American anti-suffragist (1869–1957)

Mary Guthrie Kilbreth (March 16, 1869 – June 25, 1957) was an American anti-suffragist and an active member of the Daughters of the American Revolution. She became president of the New York State Association Opposed to Woman Suffrage (NAOWS) in 1919.

== Early life and education ==
Kilbreth was born in Englewood, New Jersey in March 16, 1869. Her parents were Mary Culbertson and John William Kilbreth. John was a director of the Ohio Live Stock Insurance Company and trustee of the Ohio Life Insurance Company. Both of her parents came from wealthy and prominent families, the Culbertsons and the Guthries, who have a long history in America.
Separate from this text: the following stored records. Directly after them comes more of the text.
(* A_j(z) = e^{-alpha j} beta^{-j} z^{alpha j} (1 - j z)^{gamma - alpha j}
            * exp( alpha z^{-1} (log(1 - j z) + j z) ) * A( z / (1 - j z) ) *)
Definition A_shift (alpha : nat) (beta gamma : R) (A : fps) (j : nat) : fps :=
  let mjz := fps_scale (- INR j) fps_X in
  fps_scale (exp (- (INR alpha * INR j)) * / beta ^ j)
    (fps_Xpow (alpha * j)
      (fps_mul (fps_rpow1p mjz (gamma - INR alpha * INR j))
        (fps_mul
          (fps_exp (fps_scale (INR alpha)
                      (fps_divX (fps_add (fps_log1p mjz) (fps_scale (INR j) fps_X)))))
          (fps_comp A (fps_mul fps_X (fps_rpow1p mjz (-1))))))).

From Stdlib Require Import Reals Lra Lia Factorial.
Open Scope R_scope.

(* Put x = 1/n.  Then 1/(n-j) = psi(x) := x (1-jx)^{-1}, and the scale
   s(n) = n^{alpha n} beta^n n^gamma satisfies s(n-j) = s(n) Phi(x) with
     Phi(x) = e^{-alpha j} beta^{-j} x^{alpha j} (1-jx)^{gamma - alpha j}
              exp(alpha (log(1-jx) + jx) / x),
   because (1-jx)^{alpha n} = exp(alpha n log(1-jx)).  (These are [shift_arg] and
   [shift_factor].)  The hypothesis at n-j thus reads a(n-j) = s(n) Phi(x) (T_r A(psi x) + O(x^r)),
   where T_r truncates below degree r.  Now Phi(x) T_r A(psi x) is built from exp, log(1+y),
   (1+y)^c and polynomials by sums, products, composition and division by x, and each of these
   operations preserves "has asymptotic expansion F at 0" when applied to the series; so it has
   the expansion A_j up to order r.  The expansions of exp, log(1+y) and (1+y)^c follow by
   induction on the order from the mean value theorem, their derivatives having the termwise
   derivatives of their series as expansions. *)

Fixpoint sum_lt (f : nat -> R) (k : nat) : R :=
  match k with O => 0 | S k' => sum_lt f k' + f k' end.

Lemma sum_lt_ext f g k : (forall i, (i < k)%nat -> f i = g i) -> sum_lt f k = sum_lt g k.
Proof. induction k; simpl; intros E; auto. rewrite IHk, E; auto. Qed.

Lemma sum_lt_add f g k : sum_lt (fun i => f i + g i) k = sum_lt f k + sum_lt g k.
Proof. induction k; simpl; [ring | rewrite IHk; ring]. Qed.

Lemma sum_lt_sub f g k : sum_lt (fun i => f i - g i) k = sum_lt f k - sum_lt g k.
Proof. induction k; simpl; [ring | rewrite IHk; ring]. Qed.
(* Let $T \in \mathscr{B}(\mathscr{H})$ be a natural left invertible operator, let $P = I - TT^\dagger$, and set \[ \mathscr{K}_T := \overline{\operatorname{span}}\{T^n P (T^\dagger)^m : n, m \ge 0\}. \] Then $\mathscr{K}_T = \mathscr{C}$, the commutator ideal of $\mathfrak{A}_T$.
   Context: For a left invertible $T$, $T^\dagger = (T^*T)^{-1}T^*$ is its Moore–Penrose inverse, and $\mathfrak{A}_T$ is the norm-closed algebra generated by $T$ and $T^\dagger$. The commutator ideal of $\mathfrak{A}_T$ is the closed two-sided ideal generated by all commutators in $\mathfrak{A}_T$. A left invertible $T$ is natural if $0 < \dim\ker(T^* ) < \infty$. *)

From mathcomp Require Import all_boot all_algebra.
From mathcomp Require Import all_classical all_reals.
From mathcomp.real_closed Require Import complex.
Set Implicit Arguments. Unset Strict Implicit. Unset Printing Implicit Defensive.
Import GRing.Theory Num.Theory.
Local Open Scope ring_scope.

Section Hilbert.
Variable R : realType.
Local Notation C := R[i].
Variable H : lmodType C.
Variable ip : H -> H -> C.   (* inner product, linear in the first argument *)

Definition hnorm (x : H) : C := sqrtC (ip x x).

Definition is_hilbert : Prop :=
  [/\ (forall (a : C) (x y z : H), ip (a *: x + y) z = a * ip x z + ip y z),
      (forall x y, ip y x = (ip x y)^*),
      (forall x, 0 <= ip x x),
      (forall x, ip x x = 0 -> x = 0) &
      (forall u : nat -> H,
         (forall e : C, 0 < e -> exists N, forall m n, (N <= m)%N -> (N <= n)%N ->
             hnorm (u m - u n) <= e) ->
         exists l : H, forall e : C, 0 < e -> exists N, forall n, (N <= n)%N ->
             hnorm (u n - l) <= e)].

Definition op := H -> H.
Definition lin_op (A : op) : Prop :=
  forall (a : C) (x y : H), A (a *: x + y) = a *: A x + A y.
Definition bdd (A : op) : Prop :=
  lin_op A /\ exists M : C, forall x, hnorm (A x) <= M * hnorm x.
Definition is_adjoint (A S : op) : Prop := forall x y, ip (A x) y = ip x (S y).

Definition op0 : op := fun _ => 0.
Definition op_id : op := fun x => x.
Definition op_add (A B : op) : op := fun x => A x + B x.
Definition op_sub (A B : op) : op := fun x => A x - B x.
Definition op_scale (a : C) (A : op) : op := fun x => a *: A x.
Definition op_comp (A B : op) : op := fun x => A (B x).
(* Let $G$, $H$, $J$ be rooted graphs. Then for any integers $g,j\ge 0$ and $h\ge 1$, \[ X_{S^{ghj}(G,H,J)}=X_{S^{(g+j)h0}(G,H,J)}+\sum_{i=1}^{j}\Big(X_{P^{g+h+i-1}(G,H)}\,X_{J^{j-i}}-X_{G^{g+i-1}}\,X_{P^{h+j-i}(H,J)}\Big). \]
   Context: All graphs are finite simple graphs. The chromatic symmetric function of a graph $G$ is $X_G=\sum_{\kappa}\prod_{v\in V(G)}x_{\kappa(v)}$, where $\kappa$ ranges over proper colorings $\kappa:V(G)\to\{1,2,\dots\}$. For nonnegative integers $\tau_1,\tau_2,\tau_3$ and rooted graphs $(G_i,u_i)$, $S^{\tau_1\tau_2\tau_3}(G_1,G_2,G_3)$ is obtained by taking a center vertex $c$ and three paths from $c$, disjoint except at $c$, of lengths $\tau_1,\tau_2,\tau_3$, and identifying $u_i$ with the far end $s_i$ of the $i$-th path ($s_i=c$ if $\tau_i=0$), the $G_i$ being disjoint. For rooted graphs $(G,u)$, $(H,v)$ and $k\ge0$, $P^k(G,H)$ is obtained from the disjoint union of $G$ and $H$ by adding a path of length $k$ joining $u$ and $v$ (for $k=0$ identifying them), and $G^k=P^k(G,K_1)$ is $G$ with a pendant path of length $k$ at its root. *)

From HB Require Import structures.
From mathcomp Require Import all_boot all_order all_algebra.
From mathcomp Require Import mpoly.

Import GRing.Theory.
Local Open Scope ring_scope.

Record rooted_graph := RGraph { vtx : finType; adj : rel vtx; root : vtx }.
Arguments adj : clear implicits.
Arguments root : clear implicits.

Definition simple (G : rooted_graph) : Prop :=
  ssrbool.symmetric (adj G) /\ irreflexive (adj G).

(* Glue B onto A by identifying the vertex a of A with the root of B.
   Vertices: V(A) + (V(B) minus its root). The new root is the root of A. *)
Definition glue_vtx (A : rooted_graph) (B : rooted_graph) : finType :=
  (vtx A + {y : vtx B | y != root B})%type.

Definition glue_adj (A : rooted_graph) (a : vtx A) (B : rooted_graph) : rel (glue_vtx A B) :=
  fun x y =>
    match x, y with
    | inl x', inl y' => adj A x' y'
    | inr x', inr y' => adj B (val x') (val y')
    | inl x', inr y' => (x' == a) && adj B (root B) (val y')
    | inr x', inl y' => (y' == a) && adj B (val x') (root B)
    end.

Definition glue (A : rooted_graph) (a : vtx A) (B : rooted_graph) : rooted_graph :=
  RGraph (glue_vtx A B) (glue_adj A a B) (inl (root A)).

Definition K2 : rooted_graph := RGraph bool (fun x y => x != y) false.

(* ext G k : G with a pendant path of length k attached at its root,
   re-rooted at the far end of the path (the graph G^k; the root only
   serves for further gluing). *)
Fixpoint ext (G : rooted_graph) (k : nat) : rooted_graph :=
  match k with
  | 0 => G
  | k'.+1 => glue K2 (true : vtx K2) (ext G k')
  end.

Definition Gpow (G : rooted_graph) (k : nat) : rooted_graph := ext G k.

(* P^k(G,H): path of length k joining root G and root H *)
Definition Pk (k : nat) (G H : rooted_graph) : rooted_graph :=
  glue (ext G k) (root (ext G k)) H.

(* S^{t1 t2 t3}(G1,G2,G3): spider with center c = common far end of the
   three pendant paths *)
Definition Sp (t1 t2 t3 : nat) (G1 G2 G3 : rooted_graph) : rooted_graph :=
  let A := glue (ext G1 t1) (root (ext G1 t1)) (ext G2 t2) in
  glue A (root A) (ext G3 t3).

Definition proper (G : rooted_graph) (N : nat) (f : {ffun vtx G -> 'I_N}) : bool :=
  [forall x, forall y, adj G x y ==> (f x != f y)].

(* The chromatic symmetric function X_G truncated to the variables
   x_1..x_N (colours 'I_N), as a polynomial in {mpoly int[N]}. *)
Definition chromsym (N : nat) (G : rooted_graph) : {mpoly int[N]} :=
  \sum_(f : {ffun vtx G -> 'I_N} | proper G N f) \prod_(v : vtx G) 'X_(f v).

(** Split a colouring of a graph at its root: [X_G = sum_a x_a R_G(a)], where
    [R_G(a)] sums the monomials of the non-root vertices over the proper
    colourings giving the root colour [a].  Identifying roots multiplies these
    rooted functions pointwise, and a pendant edge acts on them by the linear
    operator [(T u)(a) = sum_(b != a) x_b u(b)], which is self-adjoint for the
    pairing [<u, v> = sum_a x_a u(a) v(a)].  Every graph in the statement thus
    becomes such a pairing, and one application of the cubic identity
    [<p s, T r> - <T p, s r> = <p, s><1, r> - <p, 1><s, r>] moves one edge of
    the third leg of the spider onto the first; the proposition telescopes
    these moves. *)

From Pilot Require Import Defs.
From HB Require Import structures.
From mathcomp Require Import all_boot all_order all_algebra.
From mathcomp Require Import mpoly.
From mathcomp Require Import ring zify.
Import GRing.Theory.
Local Open Scope ring_scope.

Notation root := Defs.root.
Notation proper := Defs.proper.

Section RootedChromatic.
Variable N : nat.
Notation poly := {mpoly int[N]}.

Lemma properP (G : rooted_graph) (f : {ffun vtx G -> 'I_N}) :
  reflect (forall x y, adj G x y -> f x != f y) (proper G N f).
Proof.
apply: (iffP forallP) => [fP x y xy | fP x].
  by move/forallP/(_ y)/implyP: (fP x); apply.
by apply/forallP => y; apply/implyP/fP.
Qed.

Definition rootchrom (K : rooted_graph) (a : 'I_N) : poly :=
  \sum_(f : {ffun vtx K -> 'I_N} | proper K N f && (f (root K) == a))
     \prod_(v | v != root K) 'X_(f v).

Definition xsum (u : 'I_N -> poly) : poly := \sum_a 'X_a * u a.

Definition pendant (u : 'I_N -> poly) (a : 'I_N) : poly :=
  \sum_(b | b != a) 'X_b * u b.

Lemma chromsym_rootchrom K : chromsym N K = xsum (rootchrom K).
Proof.
rewrite /chromsym (partition_big (fun f : {ffun vtx K -> 'I_N} => f (root K)) predT) //=.
apply: eq_bigr => a _; rewrite /rootchrom mulr_sumr.
by apply: eq_bigr => f /andP[_ /eqP <-]; rewrite (bigD1 (root K)).
Qed.

Section Glue.
Variables (A : rooted_graph) (a : vtx A) (B : rooted_graph).
Hypothesis irrB : ~~ adj B (root B) (root B).
Notation colA := {ffun vtx A -> 'I_N}.
Notation colB := {ffun vtx B -> 'I_N}.
Notation colAB := {ffun vtx (glue A a B) -> 'I_N}.

Definition glue_col (p : colA * colB) : colAB :=
  [ffun z => match z with inl x => p.1 x | inr y => p.2 (val y) end].

Definition split_col (f : colAB) : colA * colB :=
  ([ffun x => f (inl x)],
   [ffun y => if insub y is Some y' then f (inr y') else f (inl a)]).

Lemma split_colK : cancel split_col glue_col.
Proof. by move=> f; apply/ffunP => -[x|y]; rewrite !ffunE //= valK. Qed.

Lemma split_glue_col_eq p : (split_col (glue_col p) == p) = (p.2 (root B) == p.1 a).
Proof.
case: p => fA fB; rewrite /split_col xpair_eqE /=.
have -> : [ffun x => glue_col (fA, fB) (inl x)] == fA.
  by apply/eqP/ffunP => x; rewrite !ffunE.
apply/eqP/eqP => [/ffunP/(_ (root B))|fBr].
  by rewrite ffunE insubF ?eqxx // ffunE.
apply/ffunP => y; rewrite ffunE; case: insubP => [y' _ <-|]; first by rewrite ffunE.
by rewrite negbK => /eqP ->; rewrite ffunE.
Qed.

Lemma proper_glue_col (fA : colA) (fB : colB) : fB (root B) = fA a ->
  proper (glue A a B) N (glue_col (fA, fB)) = proper A N fA && proper B N fB.
Proof.
move=> fBr; apply/properP/andP => [fP|[/properP fAP /properP fBP]].
  split; apply/properP => x y.
    by move/(fP (inl x) (inl y)); rewrite !ffunE.
  have [-> | nx] := eqVneq x (root B); have [-> | ny] := eqVneq y (root B).
  - by rewrite (negbTE irrB).
  - by move=> xy; have := fP (inl a) (inr (exist _ y ny)); rewrite !ffunE /= eqxx fBr; apply.
  - by move=> xy; have := fP (inr (exist _ x nx)) (inl a); rewrite !ffunE /= eqxx fBr; apply.
  - by move/(fP (inr (exist _ x nx)) (inr (exist _ y ny))); rewrite !ffunE.
move=> [x|[x nx]] [y|[y ny]]; rewrite !ffunE //=; [exact: fAP| | |exact: fBP].
  by case/andP => /eqP -> xy; rewrite -fBr; apply: fBP.
by case/andP => /eqP -> xy; rewrite -fBr; apply: fBP.
Qed.

Lemma prod_glue_col p :
  \prod_(v | v != root (glue A a B)) 'X_(glue_col p v) =
  (\prod_(x | x != root A) 'X_(p.1 x)) * \prod_(y | y != root B) 'X_(p.2 y) :> poly.
Proof.
rewrite big_sumType /=; congr (_ * _); first by apply: eq_bigr => x _; rewrite ffunE.
by rewrite (big_sub (predC1 (root B))); apply: eq_bigr => y _; rewrite ffunE.
Qed.

Lemma rootchrom_glue c :
  rootchrom (glue A a B) c = \sum_(fA : colA | proper A N fA && (fA (root A) == c))
     (\prod_(x | x != root A) 'X_(fA x)) * rootchrom B (fA a).
Proof.
rewrite /rootchrom (reindex_onto glue_col split_col) /=; last by move=> f; rewrite split_colK.
under [RHS]eq_bigr do rewrite mulr_sumr.
rewrite pair_big_dep /=; apply: eq_big => [[fA fB]|p _]; last by rewrite prod_glue_col.
rewrite split_glue_col_eq /=; have [fBr|] := eqVneq (fB (root B)) (fA a); last by rewrite !andbF.
by rewrite proper_glue_col // ffunE /= !andbT andbAC.
Qed.
End Glue.

Lemma rootchrom_glue_root A B c : ~~ adj B (root B) (root B) ->
  rootchrom (glue A (root A) B) c = rootchrom A c * rootchrom B c.
Proof.
move=> irrB; rewrite rootchrom_glue // /rootchrom mulr_suml.
by apply: eq_bigr => f /andP[_ /eqP ->].
Qed.

Lemma sum_ffun_bool (F : {ffun bool -> 'I_N} -> poly) :
  \sum_f F f = \sum_a \sum_b F [ffun x : bool => if x then b else a].
Proof.
rewrite pair_big /=.
rewrite (reindex (fun q : 'I_N * 'I_N => [ffun x : bool => if x then q.2 else q.1])) //=.
exists (fun f => (f false, f true)) => [[c b]|f] _; rewrite ?ffunE //.
by apply/ffunP => -[]; rewrite ffunE.
Qed.

Lemma properK2 (f : {ffun bool -> 'I_N}) : proper K2 N f = (f false != f true).
Proof.
apply/properP/idP => [/(_ false true)|ne [] [] //= _]; first exact.
by rewrite eq_sym.
Qed.

Lemma rootchrom_pendant B : ~~ adj B (root B) (root B) ->
  rootchrom (glue K2 true B) =1 pendant (rootchrom B).
Proof.
move=> irrB c; rewrite rootchrom_glue // big_mkcond sum_ffun_bool /=.
rewrite (bigD1 c) //= [X in _ + X]big1 ?addr0 => [|a ac]; last first.
  by apply: big1 => b _; rewrite properK2 !ffunE (negbTE ac) andbF.
rewrite /pendant [RHS]big_mkcond; apply: eq_bigr => b _.
by rewrite properK2 !ffunE eq_sym eqxx andbT big_mkcond big_bool /= ffunE mulr1; case: (b != c).
Qed.

Lemma root_irr_ext K k : ~~ adj K (root K) (root K) ->
  ~~ adj (ext K k) (root (ext K k)) (root (ext K k)).
Proof. by case: k. Qed.

Lemma rootchrom_ext K k : ~~ adj K (root K) (root K) ->
  rootchrom (ext K k) =1 iter k pendant (rootchrom K).
Proof.
move=> irrK; elim: k => // k IH c /=.
by rewrite rootchrom_pendant ?root_irr_ext //; apply: eq_bigr => b _; rewrite IH.
Qed.

Lemma pendantE u c : pendant u c = xsum u - 'X_c * u c.
Proof. by rewrite /xsum (bigD1 c) //= [X in _ = X - _]addrC addrK. Qed.

Lemma xsum_mul_pendant u v :
  xsum (fun c => u c * pendant v c) =
  xsum u * xsum v - \sum_c 'X_c ^+ 2 * (u c * v c).
Proof.
rewrite /xsum mulr_suml -sumrB; apply: eq_bigr => c _.
by rewrite pendantE /xsum; ring.
Qed.

Lemma xsum_pendant_sym u v :
  xsum (fun c => pendant u c * v c) = xsum (fun c => u c * pendant v c).
Proof.
have -> : xsum (fun c => pendant u c * v c) = xsum (fun c => v c * pendant u c).
  by apply: eq_bigr => c _; rewrite [pendant u c * _]mulrC.
rewrite !xsum_mul_pendant [xsum v * _]mulrC; congr (_ - _).
by apply: eq_bigr => c _; rewrite [v c * _]mulrC.
Qed.

Lemma xsum_iter_pendant_sym k u v :
  xsum (fun c => iter k pendant u c * v c) = xsum (fun c => u c * iter k pendant v c).
Proof. by elim: k v => // k IH v; rewrite /= xsum_pendant_sym IH -iterSr. Qed.

Lemma xsum_pendant_exchange p s r :
  xsum (fun c => p c * s c * pendant r c) - xsum (fun c => pendant p c * s c * r c) =
  xsum (fun c => p c * s c) * xsum r - xsum p * xsum (fun c => s c * r c).
Proof.
have -> : xsum (fun c => pendant p c * s c * r c) =
          xsum (fun c => (s c * r c) * pendant p c).
  by apply: eq_bigr => c _; ring.
rewrite !xsum_mul_pendant.
have -> : \sum_c 'X_c ^+ 2 * (s c * r c * p c) = \sum_c 'X_c ^+ 2 * (p c * s c * r c).
  by apply: eq_bigr => c _; ring.
ring.
Qed.

Lemma chromsym_Gpow K k : ~~ adj K (root K) (root K) ->
  chromsym N (Gpow K k) = xsum (iter k pendant (rootchrom K)).
Proof.
by move=> irrK; rewrite chromsym_rootchrom; apply: eq_bigr => c _; rewrite rootchrom_ext.
Qed.

Lemma chromsym_Pk k G H :
  ~~ adj G (root G) (root G) -> ~~ adj H (root H) (root H) ->
  chromsym N (Pk k G H) = xsum (fun c => iter k pendant (rootchrom G) c * rootchrom H c).
Proof.
move=> irrG irrH; rewrite chromsym_rootchrom; apply: eq_bigr => c _.
by rewrite /Pk rootchrom_glue_root // rootchrom_ext.
Qed.

Section Spider.
Variables G H J : rooted_graph.
Hypotheses (irrG : ~~ adj G (root G) (root G)) (irrH : ~~ adj H (root H) (root H))
           (irrJ : ~~ adj J (root J) (root J)).

Lemma chromsym_Sp t1 t2 t3 :
  chromsym N (Sp t1 t2 t3 G H J) = xsum (fun c =>
    iter t1 pendant (rootchrom G) c * iter t2 pendant (rootchrom H) c *
    iter t3 pendant (rootchrom J) c).
Proof.
rewrite chromsym_rootchrom; apply: eq_bigr => c _.
by rewrite /Sp /= !rootchrom_glue_root ?root_irr_ext // !rootchrom_ext.
Qed.

Lemma chromsym_Sp_shift t1 t2 t3 :
  chromsym N (Sp t1 t2 t3.+1 G H J) - chromsym N (Sp t1.+1 t2 t3 G H J) =
  chromsym N (Pk (t1 + t2) G H) * chromsym N (Gpow J t3)
  - chromsym N (Gpow G t1) * chromsym N (Pk (t2 + t3) H J).
Proof.
rewrite !chromsym_Sp !chromsym_Pk // !chromsym_Gpow //.
rewrite [(t1 + t2)%N]addnC [(t2 + t3)%N]addnC !iterD.
rewrite (xsum_iter_pendant_sym t2) (xsum_iter_pendant_sym t3).
exact: xsum_pendant_exchange.
Qed.
End Spider.
End RootedChromatic.

Theorem proposition4p2 (G H J : rooted_graph) (g h j : nat) :
  simple G -> simple H -> simple J -> (1 <= h)%N ->
  forall N : nat,
    chromsym N (Sp g h j G H J) =
    chromsym N (Sp (g + j) h 0 G H J) +
    \sum_(1 <= i < j.+1)
      (chromsym N (Pk (g + h + i - 1) G H) * chromsym N (Gpow J (j - i))
       - chromsym N (Gpow G (g + i - 1)) * chromsym N (Pk (h + j - i) H J)).
Proof.
move=> [_ irrG] [_ irrH] [_ irrJ] _ N.
set S := fun i => chromsym N (Sp (g + i) h (j - i) G H J).
rewrite big_add1 (telescope_sumr_eq (fun i => - S i)) // => [|i /andP[_ ij]].
  by rewrite /S addn0 subn0 subnn opprK addNKr.
rewrite /S opprK [RHS]addrC [(g + i.+1)%N]addnS.
have -> : (j - i = (j - i.+1).+1)%N by lia.
rewrite chromsym_Sp_shift ?irrG ?irrH ?irrJ //.
by congr (chromsym N (Pk _ G H) * _ - chromsym N (Gpow G _) * chromsym N (Pk _ H J)); lia.
Qed.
In a self-published genealogy book, Kilbreth is listed as a 7th generation Culbertson. Kilbreth had two brothers, James and John William Jr. James died during his childhood. The family lived in New York City and Southampton, Long Island. As an adult, Kilbreth shared an apartment with her brother John William in D.C. She never married or held a formal job.

==Political activism ==

=== Early anti-suffrage activism: 1913-1920 ===
In 1913, Kilbreth joined the anti-suffrage movement, a group campaigning against women's right to vote. She was involved in the New York State Association of the anti-suffrage movement. In 1916, she served as their congressional committee chairwoman. With women's suffrage becoming increasingly possible in the United States from 1917-1919, many anti-suffragists left the movement. However, Kilbreth stayed and gained new leadership roles with the mass departure of many of the women. In 1917, she was the temporary president of the New York State Association Opposed to Woman Suffrage (NAOWS). Next, she was president of the Women's Voter's Party, a reformed version of the New York State Association after women's suffrage passed in New York in 1918. NAOWS gained new influence as they moved their New York headquarters to Washington, D.C. When she was 50 years old, Kilbreth became president of the NAOWS in 1919.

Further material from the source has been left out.